When Trump was getting started in Brussels, leaders on the other side of NATO headquarters were launching an effort to push back. Each nation, they said, should measure its share of the burden of collective defense not by money expended but by capability contributed. But more than that, they argued for collective security itself.

“Look, we have faced down massive challenges as a the world in the past, and we did it by coming together and standing side-by-side for what we knew was right,” said Canadian Prime MInister Justin Trudeau, in a passionate and unscripted closing monologue to a NATO-organized conference of experts and officials.

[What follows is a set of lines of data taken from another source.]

Section Hopf.
Variables (K : fieldType) (n : nat) (H : HopfData K n).

Notation A := 'rV[K]_n.
Notation A2 := 'M[K]_n.
Notation A3 := {ffun 'I_n -> 'M[K]_n}.

Definition ebas (i : 'I_n) : A := delta_mx 0 i.

Definition mulA (a b : A) : A :=
  \sum_(i < n) \sum_(j < n) (a 0 i * b 0 j) *: hmul H i j.
Definition oneA : A := hunit H.
Definition Delta (a : A) : A2 := \sum_(i < n) a 0 i *: hcop H i.
Definition eps (a : A) : K := \sum_(i < n) a 0 i * hcounit H i.
Definition Sant (a : A) : A := \sum_(i < n) a 0 i *: hanti H i.

Definition tens (x y : A) : A2 := x^T *m y.
Definition tens3 (x y z : A) : A3 := [ffun i => x 0 i *: tens y z].
(* M (x) z and x (x) M for M in A(x)A *)
Definition t2x (M : A2) (z : A) : A3 := [ffun i => (row i M)^T *m z].
Definition xt2 (x : A) (M : A2) : A3 := [ffun i => x 0 i *: M].

Definition one2 : A2 := tens oneA oneA.
Definition mul2 (T U : A2) : A2 :=
  \sum_(i < n) \sum_(j < n) \sum_(k < n) \sum_(l < n)
     (T i j * U k l) *: tens (hmul H i k) (hmul H j l).
Definition mul3 (T U : A3) : A3 :=
  \sum_(i < n) \sum_(j < n) \sum_(k < n)
  \sum_(i' < n) \sum_(j' < n) \sum_(k' < n)
     (T i j k * U i' j' k') *: tens3 (hmul H i i') (hmul H j j') (hmul H k k').

Definition leg12 (T : A2) : A3 :=
  \sum_(i < n) \sum_(j < n) T i j *: tens3 (ebas i) (ebas j) oneA.
Definition leg13 (T : A2) : A3 :=
  \sum_(i < n) \sum_(j < n) T i j *: tens3 (ebas i) oneA (ebas j).
Definition leg23 (T : A2) : A3 :=
  \sum_(i < n) \sum_(j < n) T i j *: tens3 oneA (ebas i) (ebas j).

Definition Delta_id (T : A2) : A3 :=
  \sum_(i < n) \sum_(j < n) T i j *: t2x (Delta (ebas i)) (ebas j).
Definition id_Delta (T : A2) : A3 :=
  \sum_(i < n) \sum_(j < n) T i j *: xt2 (ebas i) (Delta (ebas j)).

Definition is_hopf : Prop :=
  (forall a b c, mulA (mulA a b) c = mulA a (mulA b c))
  /\ (forall a, mulA oneA a = a /\ mulA a oneA = a)
  /\ (forall a, Delta_id (Delta a) = id_Delta (Delta a))
  /\ (forall a, \sum_(i < n) \sum_(j < n) (Delta a i j * eps (ebas i)) *: ebas j = a
              /\ \sum_(i < n) \sum_(j < n) (Delta a i j * eps (ebas j)) *: ebas i = a)
  /\ ((forall a b, Delta (mulA a b) = mul2 (Delta a) (Delta b)) /\ Delta oneA = one2)
  /\ ((forall a b, eps (mulA a b) = eps a * eps b) /\ eps oneA = 1)
  /\ (forall a,
          \sum_(i < n) \sum_(j < n) Delta a i j *: mulA (Sant (ebas i)) (ebas j) = eps a *: oneA
       /\ \sum_(i < n) \sum_(j < n) Delta a i j *: mulA (ebas i) (Sant (ebas j)) = eps a *: oneA)
  /\ bijective Sant.

Definition quasitriangular (R : A2) : Prop :=
  (exists Rinv : A2,
      [/\ mul2 R Rinv = one2, mul2 Rinv R = one2
        & forall a, (Delta a)^T = mul2 (mul2 R (Delta a)) Rinv])
  /\ Delta_id R = mul3 (leg13 R) (leg23 R)
  /\ id_Delta R = mul3 (leg13 R) (leg12 R).

Definition monodromy (R : A2) : A2 := mul2 R^T R.

Definition drinfeld_u (R : A2) : A :=
  \sum_(i < n) \sum_(j < n) R i j *: mulA (Sant (ebas j)) (ebas i).

Definition inverse_of (x y : A) : Prop := mulA x y = oneA /\ mulA y x = oneA.

(* ribbon element (convention of the paper) *)
Definition ribbon (R : A2) (v : A) : Prop :=
  (forall a, mulA v a = mulA a v)
  /\ (exists w, inverse_of v w)
  /\ Sant v = v
  /\ eps v = 1
  /\ inverse_of (mulA (drinfeld_u R) (Sant (drinfeld_u R))) (mulA v v)
  /\ Delta v = mul2 (tens v v) (monodromy R).

(* linear functionals on A (elements of the dual space), given by their values on the
   basis: phi(e_i) = phi 0 i *)
Definition dual_eval (phi : 'rV[K]_n) (x : A) : K := \sum_(i < n) phi 0 i * x 0 i.

Definition drinfeld_map (R : A2) (phi : 'rV[K]_n) : A :=
  \sum_(i < n) \sum_(j < n) (monodromy R i j * dual_eval phi (ebas i)) *: ebas j.

Definition factorizable (R : A2) : Prop := bijective (drinfeld_map R).

(* transmutation antipode S_(a) = S( S(R_{1(1)}) a R_{1(2)} ) R_2 *)
Definition transm_S (R : A2) (a : A) : A :=
  \sum_(i < n) \sum_(j < n) R i j *:
    \sum_(k < n) \sum_(l < n) Delta (ebas i) k l *:
       mulA (Sant (mulA (mulA (Sant (ebas k)) a) (ebas l))) (ebas j).

Definition right_adj (v a : A) : A :=
  \sum_(i < n) \sum_(j < n) Delta v i j *: mulA (mulA (Sant (ebas i)) a) (ebas j).

End Hopf.

(* By (Delta (x) id)R = R_13 R_23, the transmutation antipode is
   S_(b) = S(R'_1) S(b) w R'_2  with  w = S^2(R_1) R_2 = S(u^-1) = v^2 u.
   Since u x = S^2(x) u, conjugation by w also implements S^2, and S(w) w = v^2.
   Substituting S_ into itself and moving w past S^2(a) and S^2(R'_1) gives
   S_^2(a) = v^2 S(R_1) S(R'_2) a R'_1 R_2, which is S(v_(1)) a v_(2) because
   Delta(v) = (v (x) v) Q. *)
From Pilot Require Import Defs.
From HB Require Import structures.
From mathcomp Require Import all_boot all_order all_algebra.
From mathcomp Require Import ring.
Set Implicit Arguments. Unset Strict Implicit. Unset Printing Implicit Defensive.
Import GRing.Theory.
Local Open Scope ring_scope.

Section LinearFunctions.
Variable K : fieldType.
Implicit Types U V W : lmodType K.

Lemma linearf0 U V (f : U -> V) : linear f -> f 0 = 0.
Proof.
move=> hf; have h := hf 1 0 0; rewrite scaler0 add0r scale1r in h.
by apply: (addrI (f 0)); rewrite addr0 -h.
Qed.

Lemma linearfD U V (f : U -> V) : linear f -> forall x y, f (x + y) = f x + f y.
Proof. by move=> hf x y; rewrite -[x]scale1r hf !scale1r. Qed.

Lemma linearfZ U V (f : U -> V) : linear f -> forall c x, f (c *: x) = c *: f x.
Proof. by move=> hf c x; rewrite -[c *: x]addr0 hf (linearf0 hf) addr0. Qed.

Lemma linearf_sum U V (f : U -> V) : linear f ->
  forall (I : Type) (r : seq I) (P : pred I) (F : I -> U),
  f (\sum_(i <- r | P i) F i) = \sum_(i <- r | P i) f (F i).
Proof. by move=> hf I r P F; apply: big_morph; [exact: linearfD | exact: linearf0]. Qed.

Lemma linearf_expand n V (f : 'rV[K]_n -> V) : linear f ->
  forall x, f x = \sum_(i < n) x 0 i *: f (delta_mx 0 i).
Proof.
move=> hf x; rewrite {1}(row_sum_delta x) (linearf_sum hf).
by apply: eq_bigr => i _; rewrite (linearfZ hf).
Qed.

Lemma linearf_id U : linear (fun x : U => x).
Proof. by []. Qed.

Lemma linearf_comp U V W (F : U -> V) (G : V -> W) :
  linear F -> linear G -> linear (fun x => G (F x)).
Proof. by move=> hF hG c x y; rewrite hF hG. Qed.

Lemma linearf_scale U V (F : U -> V) (a : K) : linear F -> linear (fun x => a *: F x).
Proof. by move=> hF c x y; rewrite hF scalerDr !scalerA mulrC. Qed.

End LinearFunctions.

Section Coordinates.
Variables (K : fieldType) (n : nat) (H : HopfData K n).
Implicit Types U V W : lmodType K.
Local Notation A := 'rV[K]_n.
Local Notation A3 := {ffun 'I_n -> 'M[K]_n}.
Local Notation m := (Defs.mulA H).
Local Notation S := (Sant H).
Local Notation D := (Delta H).
Local Notation ep := (eps H).
Local Notation one := (oneA H).
Local Notation e := (@ebas K n).

Lemma linear_mulAl U (F : U -> A) z : linear F -> linear (fun x => m (F x) z).
Proof.
move=> hF; apply: (linearf_comp (G := fun x => m x z) hF) => c x y.
rewrite /Defs.mulA scaler_sumr -big_split; apply: eq_bigr => i _.
rewrite scaler_sumr -big_split; apply: eq_bigr => j _ /=.
by rewrite !mxE scalerA -scalerDl; congr (_ *: _); ring.
Qed.

Lemma linear_mulAr U (F : U -> A) z : linear F -> linear (fun x => m z (F x)).
Proof.
move=> hF; apply: (linearf_comp (G := fun x => m z x) hF) => c x y.
rewrite /Defs.mulA scaler_sumr -big_split; apply: eq_bigr => i _.
rewrite scaler_sumr -big_split; apply: eq_bigr => j _ /=.
by rewrite !mxE scalerA -scalerDl; congr (_ *: _); ring.
Qed.

Lemma linear_Sant : linear S.
Proof.
move=> c x y; rewrite /Sant scaler_sumr -big_split; apply: eq_bigr => i _ /=.
by rewrite !mxE scalerA -scalerDl.
Qed.

Lemma linear_Delta : linear D.
Proof.
move=> c x y; rewrite /Delta scaler_sumr -big_split; apply: eq_bigr => i _ /=.
by rewrite !mxE scalerA -scalerDl.
Qed.

Lemma linear_eps_scale U V (F : U -> A) (z : V) : linear F -> linear (fun x => ep (F x) *: z).
Proof.
move=> hF c x y; rewrite hF scalerA -scalerDl; congr (_ *: _).
by rewrite /eps mulr_sumr -big_split; apply: eq_bigr => i _ /=; rewrite !mxE; ring.
Qed.

Lemma ebasE i j : e i 0 j = (i == j)%:R.
Proof. by rewrite /ebas mxE eqxx /= eq_sym. Qed.

Lemma mulA_ebas i j : m (e i) (e j) = hmul H i j.
Proof.
have sum_ebas V k (F : 'I_n -> V) : \sum_(l < n) e k 0 l *: F l = F k.
  rewrite (bigD1 k) //= ebasE eqxx scale1r big1 ?addr0 // => l nkl.
  by rewrite ebasE eq_sym (negbTE nkl) scale0r.
rewrite /Defs.mulA -(sum_ebas _ i (fun k => hmul H k j)); apply: eq_bigr => k _.
rewrite -(sum_ebas _ j (hmul H k)) scaler_sumr.
by apply: eq_bigr => l _; rewrite scalerA.
Qed.

Lemma tensE (x y : A) i j : tens x y i j = x 0 i * y 0 j.
Proof. by rewrite /tens !mxE big_ord1 !mxE. Qed.

Lemma linear_tensl U (F : U -> A) z : linear F -> linear (fun x => tens (F x) z).
Proof.
move=> hF; apply: (linearf_comp (G := fun x => tens x z) hF) => c x y.
by apply/matrixP => i j; rewrite !(tensE, mxE); ring.
Qed.

Lemma linear_tensr U (F : U -> A) z : linear F -> linear (fun x => tens z (F x)).
Proof.
move=> hF; apply: (linearf_comp (G := fun x => tens z x) hF) => c x y.
by apply/matrixP => i j; rewrite !(tensE, mxE); ring.
Qed.

Lemma mulAZl (c : K) (x z : A) : m (c *: x) z = c *: m x z.
Proof. exact: (linearfZ (linear_mulAl z (@linearf_id _ A)) c x). Qed.

Lemma mulAZr (c : K) (x z : A) : m z (c *: x) = c *: m z x.
Proof. exact: (linearfZ (linear_mulAr z (@linearf_id _ A)) c x). Qed.

Lemma tensZl (c : K) (x z : A) : tens (c *: x) z = c *: tens x z.
Proof. exact: (linearfZ (linear_tensl z (@linearf_id _ A)) c x). Qed.

Lemma tensZr (c : K) (x z : A) : tens z (c *: x) = c *: tens z x.
Proof. exact: (linearfZ (linear_tensr z (@linearf_id _ A)) c x). Qed.

(* [eval2 T f] is f(T_1, T_2) in Sweedler-like notation: the bilinear f applied to the tensor T. *)
Definition eval2 V (T : 'M[K]_n) (f : A -> A -> V) : V :=
  \sum_(i < n) \sum_(j < n) T i j *: f (e i) (e j).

“We can again, and we need to again, do that — recognize the rise of populism, of aggressive nationalism, of polarization in our public discourse in Canada and elsewhere around the world needs to be responded to with strong, confident, positive, rational messages about how we can solve these challenges together,” Trudeau said. “And there is no better example of that than the extraordinary success that NATO has had over the past almost 70 years and indeed will continue to have in a way that is more relevant today than it ever has been before.”

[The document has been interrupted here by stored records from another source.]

(* Let $\mathbb{F}_q$ be a finite field and, for $\alpha\in\mathbb{F}_q^*$, let $N_{\mathbb{A}_n}(\alpha)$ be the number of $\mathbb{F}_q$-points of $X_n(\alpha)$. If $n$ is even, then $N_{\mathbb{A}_n}(\alpha)=\frac{q^{n+2}-1}{q^2-1}$ (independently of $\alpha$). If $n$ is odd and $\alpha\neq(-1)^{(n+1)/2}$, then $N_{\mathbb{A}_n}(\alpha)=\frac{(q^{(n+1)/2}-1)(q^{(n+3)/2}-1)}{q^2-1}$. If $n$ is odd, then $N_{\mathbb{A}_n}((-1)^{(n+1)/2})=\frac{(q^{(n+1)/2}-1)(q^{(n+3)/2}-1)}{q^2-1}+q^{(n+1)/2}$.
   Context: For $\alpha$ invertible in a field $\mathbb{K}$ and $n\ge1$, $X_n(\alpha)$ is the affine variety in variables $x_1,\dots,x_n,x'_1,\dots,x'_n$ defined by $x_1x'_1=1+\alpha x_2$, $x_ix'_i=1+x_{i-1}x_{i+1}$ for $2\le i\le n-1$, $x_nx'_n=1+x_{n-1}$ (for $n=1$: $x_1x'_1=1+\alpha$). By convention $X_0(\alpha)$ is a point. For $n$ even, $X_n(\alpha)$ does not depend on $\alpha$ up to isomorphism. *)

From HB Require Import structures.
From mathcomp Require Import all_boot all_order all_algebra.
Set Implicit Arguments. Unset Strict Implicit. Unset Printing Implicit Defensive.
Import GRing.Theory Num.Theory.
Local Open Scope ring_scope.

(* Extended coordinates (1-based indexing k = 0..n+1):
   ext 0 = alpha, ext k = x_k for 1 <= k <= n, ext (n+1) = 1.
   Then the defining equations of X_n(alpha) read uniformly
   x_i x'_i = 1 + ext (i-1) * ext (i+1), for 1 <= i <= n:
   i = 1 : x_1 x'_1 = 1 + alpha x_2  (n = 1 : 1 + alpha)
   i = n : x_n x'_n = 1 + x_{n-1}. *)
Definition ext_coord (F : nzRingType) (n : nat) (alpha : F) (x : {ffun 'I_n -> F})
  (k : nat) : F :=
  if k == 0%N then alpha
  else if (k <= n)%N then (if insub k.-1 is Some i then x i else 0)
  else 1.

Definition Xn_points (F : finFieldType) (n : nat) (alpha : F) :
  {set {ffun 'I_n -> F} * {ffun 'I_n -> F}} :=
  [set p : {ffun 'I_n -> F} * {ffun 'I_n -> F} | [forall i : 'I_n,
     p.1 i * p.2 i == 1 + ext_coord alpha p.1 i * ext_coord alpha p.1 i.+2]].

Definition N_A (F : finFieldType) (n : nat) (alpha : F) : nat :=
  #|Xn_points n alpha|.

From HB Require Import structures.
From mathcomp Require Import all_boot all_order all_algebra.
From mathcomp Require Import ring.
Set Implicit Arguments. Unset Strict Implicit.
Import GRing.Theory Num.Theory.
Local Open Scope ring_scope.

(* Project X_n(a) to the x-coordinates. Over x, the fibre is a product of the
   solution sets of x_i y = b_i(x); each has 1 element if x_i != 0, and q or 0
   elements if x_i = 0. Splitting on x_1 = t: if t != 0 the remaining
   coordinates form a point of X_(n-1)(t); if t = 0 the first equation forces
   x_2 = -a^-1, x'_1 is free and x'_2 = -a is forced, leaving a point of
   X_(n-2)(-a^-1). Hence
     N_(n+2)(a) = sum_(t != 0) N_(n+1)(t) + q N_n(-a^-1),
   and the closed forms, which agree for n = 0 and n = 1, satisfy the same
   recurrence; the sign term arises because -a^-1 = (-1)^k iff a = (-1)^(k+1). *)

Section ExtendedCoordinates.
Variables (R : nzRingType) (n : nat) (a : R) (x : {ffun 'I_n -> R}).

Lemma ext_coordS (i : 'I_n) : ext_coord a x i.+1 = x i.
Proof. by rewrite /ext_coord /= ltn_ord /= valK. Qed.

Lemma ext_coord_gt k : (n < k)%N -> ext_coord a x k = 1.
Proof. by case: k => // k lt_nk; rewrite /ext_coord /= leqNgt lt_nk. Qed.

End ExtendedCoordinates.

(* The tuple (t, y_1, ..., y_n): entries 1..n of [ext_coord t y] are those of [y]. *)
Definition ffun_cons (R : nzRingType) n (t : R) (y : {ffun 'I_n -> R}) :
  {ffun 'I_n.+1 -> R} := [ffun i : 'I_n.+1 => ext_coord t y i].

Lemma ffun_cons0 (R : nzRingType) n t (y : {ffun 'I_n -> R}) : ffun_cons t y ord0 = t.
Proof. by rewrite ffunE. Qed.

Lemma ext_coord_cons (R : nzRingType) n a t (y : {ffun 'I_n -> R}) k :
  ext_coord a (ffun_cons t y) k.+1 = ext_coord t y k.
Proof.
case: (leqP k n) => [le_kn | lt_nk]; last by rewrite !ext_coord_gt.
by rewrite (ext_coordS a (ffun_cons t y) (Ordinal (le_kn : k < n.+1)%N)) ffunE.
Qed.

Lemma big_ffun_cons (R : finNzRingType) (S : Type) (idx : S)
    (op : Monoid.com_law idx) n (G : {ffun 'I_n.+1 -> R} -> S) :
  \big[op/idx]_x G x = \big[op/idx]_t \big[op/idx]_(y : {ffun 'I_n -> R}) G (ffun_cons t y).
Proof.
rewrite pair_big /= (reindex (fun p : R * {ffun 'I_n -> R} => ffun_cons p.1 p.2)) //=.
exists (fun x => (x ord0, [ffun j => x (lift ord0 j)])) => [[t y] _|x _] /=.
  by rewrite ffun_cons0; congr (_, _); apply/ffunP => j; rewrite !ffunE ext_coordS.
apply/ffunP => -[[|k] lt_kn]; rewrite ffunE; first by congr (x _); apply: val_inj.
by rewrite (ext_coordS _ _ (Ordinal (lt_kn : k < n)%N)) ffunE; congr (x _); apply: val_inj.
Qed.

Section PointCount.
Variable F : finFieldType.

Definition nsol (a b : F) : nat := #|[set y : F | a * y == b]|.

Lemma nsolE a b : nsol a b = if a != 0 then 1%N else if b == 0 then #|F| else 0%N.
Proof.
rewrite /nsol; have [a0 | nz_a] /= := eqVneq a 0.
  have -> : [set y | a * y == b] = if b == 0 then setT else set0.
    by apply/setP => y; rewrite inE a0 mul0r eq_sym; case: (b == 0); rewrite inE.
  by case: eqP; rewrite ?cardsT ?cards0.
rewrite (_ : [set y | a * y == b] = [set b / a]) ?cards1 //; apply/setP => y.
by rewrite !inE; apply/eqP/eqP => [<- | ->]; rewrite mulrC ?mulKf ?divfK.
Qed.

Definition nfiber n (a : F) (x : {ffun 'I_n -> F}) : nat :=
  (\prod_(i < n) nsol (x i) (1 + ext_coord a x i * ext_coord a x i.+2)%R)%N.

Definition npoints n (a : F) : nat := (\sum_(x : {ffun 'I_n -> F}) nfiber a x)%N.

Lemma N_A_npoints n a : N_A n a = npoints n a.
Proof.
transitivity (\sum_x \sum_(y | (x, y) \in Xn_points n a) 1)%N.
  by rewrite pair_big_dep /N_A -sum1_card; apply: eq_bigl => -[].
apply: eq_bigr => x _; rewrite sum1_card.
have := cardsXn (fun i => [set y | x i * y == 1 + ext_coord a x i * ext_coord a x i.+2]).
rewrite /nfiber /nsol => <-; apply: eq_card => y.
rewrite unfold_in /= -[_ (x, y)]/((x, y) \in Xn_points n a) in_setXn inE.
by apply: eq_forallb => i; rewrite inE.
Qed.

Lemma nfiber_cons n a t (y : {ffun 'I_n -> F}) :
  nfiber a (ffun_cons t y) = (nsol t (1 + a * ext_coord t y 1)%R * nfiber t y)%N.
Proof.
rewrite /nfiber big_ord_recl ffun_cons0 ext_coord_cons; congr (_ * _)%N.
apply: eq_bigr => i _; rewrite !ext_coord_cons.
by rewrite -(ext_coordS a (ffun_cons t y) (lift ord0 i)) ext_coord_cons ext_coordS.
Qed.

Lemma npoints_succ n a : npoints n.+1 a =
  (\sum_t \sum_(y : {ffun 'I_n -> F}) nsol t (1 + a * ext_coord t y 1)%R * nfiber t y)%N.
Proof.
by rewrite /npoints big_ffun_cons; apply: eq_bigr => t _; apply: eq_bigr => y _; rewrite nfiber_cons.
Qed.

Lemma npoints0 a : npoints 0 a = 1%N.
Proof.
rewrite /npoints (eq_bigr (fun _ => 1%N)) => [|x _]; last by rewrite /nfiber big_ord0.
by rewrite sum1_card card_ffun card_ord.
Qed.

Lemma npoints1 a :
  npoints 1 a = (#|F|.-1 + if (1 + a == 0)%R then #|F| else 0)%N.
Proof.
have inner t : (\sum_(y : {ffun 'I_0 -> F})
    nsol t (1 + a * ext_coord t y 1)%R * nfiber t y)%N = nsol t (1 + a).
  rewrite (eq_bigr (fun _ => nsol t (1 + a))) => [|y _].
    by rewrite sum_nat_const card_ffun card_ord mul1n.
  by rewrite ext_coord_gt // mulr1 /nfiber big_ord0 muln1.
rewrite npoints_succ (eq_bigr _ (fun t _ => inner t)) (bigD1 0) //= nsolE eqxx /=.
rewrite (eq_bigr (fun _ => 1%N)) => [|t nz_t]; last by rewrite nsolE nz_t.
by rewrite sum_nat_const cardC1 muln1 addnC.
Qed.

Lemma npoints_rec m a : a != 0 ->
  npoints m.+2 a = (\sum_(t | t != 0%R) npoints m.+1 t + #|F| * npoints m (- a^-1)%R)%N.
Proof.
move=> nz_a; rewrite npoints_succ (bigD1 0) //= addnC; congr (_ + _)%N.
  by apply: eq_bigr => t nz_t; apply: eq_bigr => y _; rewrite nsolE nz_t mul1n.
have root_a u : (1 + a * u == 0) = (u == - a^-1).
  by rewrite addrC addr_eq0 -[RHS](inj_eq (mulfI nz_a)) mulrN mulfV.
rewrite big_ffun_cons (bigD1 (- a^-1)) //= [X in (_ + X)%N]big1 => [|u ne_u]; last first.
  by apply: big1 => z _; rewrite ext_coord_cons nsolE eqxx /= root_a (negbTE ne_u) mul0n.
rewrite addn0 /npoints big_distrr /=; apply: eq_bigr => z _.
rewrite ext_coord_cons nfiber_cons nsolE eqxx /= root_a eqxx.
by rewrite nsolE oppr_eq0 invr_eq0 nz_a mul1n.
Qed.

Definition q : rat := #|F|%:R.

Definition npoints_formula n (a : F) : rat :=
  if odd n then
    (q ^+ (n.+1)./2 - 1) * (q ^+ (n.+3)./2 - 1) / (q ^+ 2 - 1)
     + (a == (-1) ^+ (n.+1)./2)%:R * q ^+ (n.+1)./2
  else (q ^+ n.+2 - 1) / (q ^+ 2 - 1).

Lemma q_gt1 : 1 < q.
Proof. by rewrite ltr1n card_finNzRing_gt1. Qed.

Lemma sqrq_sub1_neq0 : q ^+ 2 - 1 != 0.
Proof. by rewrite lt0r_neq0 // subr_gt0 exprn_egt1 // q_gt1. Qed.

Lemma sumr_nonzero_const (c : rat) : \sum_(t : F | t != 0) c = (q - 1) * c.
Proof.
rewrite sumr_const cardC1 -mulr_natl /q; congr (_ * _).
by rewrite -subn1 natrB // ltnW // card_finNzRing_gt1.
Qed.

Lemma sumr_nonzero_indicator (c : F) (r : rat) : c != 0 ->
  \sum_(t : F | t != 0) (t == c)%:R * r = r.
Proof.
move=> nz_c; rewrite (bigD1 c) //= eqxx mul1r big1 ?addr0 // => t /andP [_ ne_tc].
by rewrite (negbTE ne_tc) mul0r.
Qed.

Lemma sign_neq0 k : ((-1) ^+ k : F) != 0.
Proof. by rewrite expf_neq0 // oppr_eq0 oner_eq0. Qed.

Lemma opp_inv_eq_sign (a : F) k :
  (- a^-1 == (-1) ^+ k) = (a == (-1) ^+ k.+1).
Proof. by rewrite eqr_oppLR (can2_eq invrK invrK) invrN invr_sign exprS mulN1r. Qed.

Lemma npoints_formula_rec m a :
  npoints_formula m.+2 a =
    \sum_(t | t != 0) npoints_formula m.+1 t + q * npoints_formula m (- a^-1).
Proof.
have := sqrq_sub1_neq0; rewrite expr2 => d_neq0.
rewrite /npoints_formula /= -(odd_double_half m); move: (m./2) => k.
case: (odd m); rewrite /= ?negbK ?odd_double /= ?add0n ?add1n ?doubleK.
  rewrite sumr_nonzero_const opp_inv_eq_sign.
  by rewrite !exprS -addnn exprD expr0 mulr1; field.
rewrite big_split /= sumr_nonzero_const sumr_nonzero_indicator ?sign_neq0 //.
by rewrite !exprS -addnn exprD expr0 mulr1; field.
Qed.

Lemma npointsE n a : a != 0 -> (npoints n a)%:R = npoints_formula n a.
Proof.
elim/ltn_ind: n a => -[|[|m]] IH a nz_a.
- by rewrite npoints0 /npoints_formula /= divff // sqrq_sub1_neq0.
- rewrite npoints1 /npoints_formula /= addrC addr_eq0 !expr1 -mulrA.
  rewrite divff ?sqrq_sub1_neq0 // mulr1 natrD -subn1 natrB; last exact/ltnW/card_finNzRing_gt1.
  by case: (a == -1); rewrite /= ?mul1r ?mul0r ?addr0.
rewrite npoints_rec // natrD natr_sum natrM npoints_formula_rec; congr (_ + _).
  by apply: eq_bigr => t; apply: IH.
by rewrite (IH m) // oppr_eq0 invr_eq0.
Qed.
End PointCount.

Theorem mainTheorem6 (F : finFieldType) (n : nat) (alpha : F) :
  (0 < n)%N -> alpha != 0 ->
  let q : rat := (#|F|)%:R in
  [/\ ~~ odd n ->
        (N_A n alpha)%:R = (q ^+ n.+2 - 1) / (q ^+ 2 - 1),
      odd n -> alpha != (-1) ^+ (n.+1)./2 ->
        (N_A n alpha)%:R =
          (q ^+ (n.+1)./2 - 1) * (q ^+ (n.+3)./2 - 1) / (q ^+ 2 - 1)
    & odd n -> alpha = (-1) ^+ (n.+1)./2 ->
        (N_A n alpha)%:R =
          (q ^+ (n.+1)./2 - 1) * (q ^+ (n.+3)./2 - 1) / (q ^+ 2 - 1)
          + q ^+ (n.+1)./2].
Proof.
(* The count is also right for n = 0, where X_0 is a point. *)
move=> _ nz_alpha q0.
rewrite N_A_npoints npointsE // /npoints_formula /q.
split=> [even_n | odd_n | odd_n]; rewrite ?(negbTE even_n) ?odd_n //.
  by move=> /negbTE ->; rewrite mul0r addr0.
by move=> ->; rewrite eqxx mul1r.
Qed.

Trudeau received thunderous applause from this choir, but he was hardly the only leader who brought the same basic message. Germany’s Defense Minister Ursula von der Leyen said her father was 15 years old at the end of World War II and fought all his life to build up the European Union and to strengthen partnerships, like NATO.  

“I’m almost 60 years old. I realize I always took that for granted as a given,” von der Leyen said. “I realize it’s up to our generation now to renew that because I want my children in 50 years to live under the security umbrella of NATO, in a democracy, and that’s worth fighting for.” More applause.

As the day wore on, some fears and actual reports of Trump “blowing up” the summit seemed overblown. Trump’s desire for NATO members to spend their pledged amounts on defense is not new. Trump pressing NATO members — though harder and more un-diplomatically than ever seen — is not the same as destroying the alliance. Trump’s entire team has said nothing but the right things, supporting a strong NATO to counter Russia, preaching the very concept of collective defense, and pushing back on concerns Trump may seek to withdraw.

Stoltenberg, who said his job is “to keep the family together,” worked hardest to paper over the differences. In his morning appearance before the sideline conference, Reuters’ Pentagon reporter Phil Stewart asked him directly if Trump’s rhetoric was making it harder to hold the alliance together. When Stoltenberg demurred, the moderator, CNN’s Pentagon correspondent Barbara Starr, pressed him on Trump’s negative rhetoric about NATO versus the more positive messaging coming from his administration. Eventually Stoltenberg relented, saying, “"There are big differences." Later, he spoke to the larger forum of attending media.

“In the history of NATO, we have had many disagreements. And we have been able to overcome them, again and again,” Stoltenberg said at a press conference. ”Because at the end of the day, we all agree that North America and Europe are safer together. NATO is good for Europe. And NATO is good for North America. So today, we agreed to strengthen NATO’s deterrence and defence. Step up our role in the fight against terrorism. And share the burden of our security more fairly.”

Even Turkey — perhaps the most uncertain NATO ally just now — came with a ironclad message. "We need solidarity and unity now more than ever," said Turkey's Foreign Affairs Minister Mevlüt Çavuşoğlu, at the sideline event.

Trump’s tweets and Turkey’s arms deals with Russia notwithstanding, the common theme was clear: “cohesion.” Several NATO leaders used that word to say what they wanted from the alliance and wanted to convey to their publics. Like much of the international order, they said, NATO is being challenged and questioned like never before, and perhaps healthily. If the next generation wants to preserve the alliance and the international order it supports, then the think-tank academics and bureaucrats and officers in attendance will have to do something they never thought they’d have to. They’re going to have to sell it.

As von der Leyen said, “This is not a given. If we don't stand up for it, nobody else will."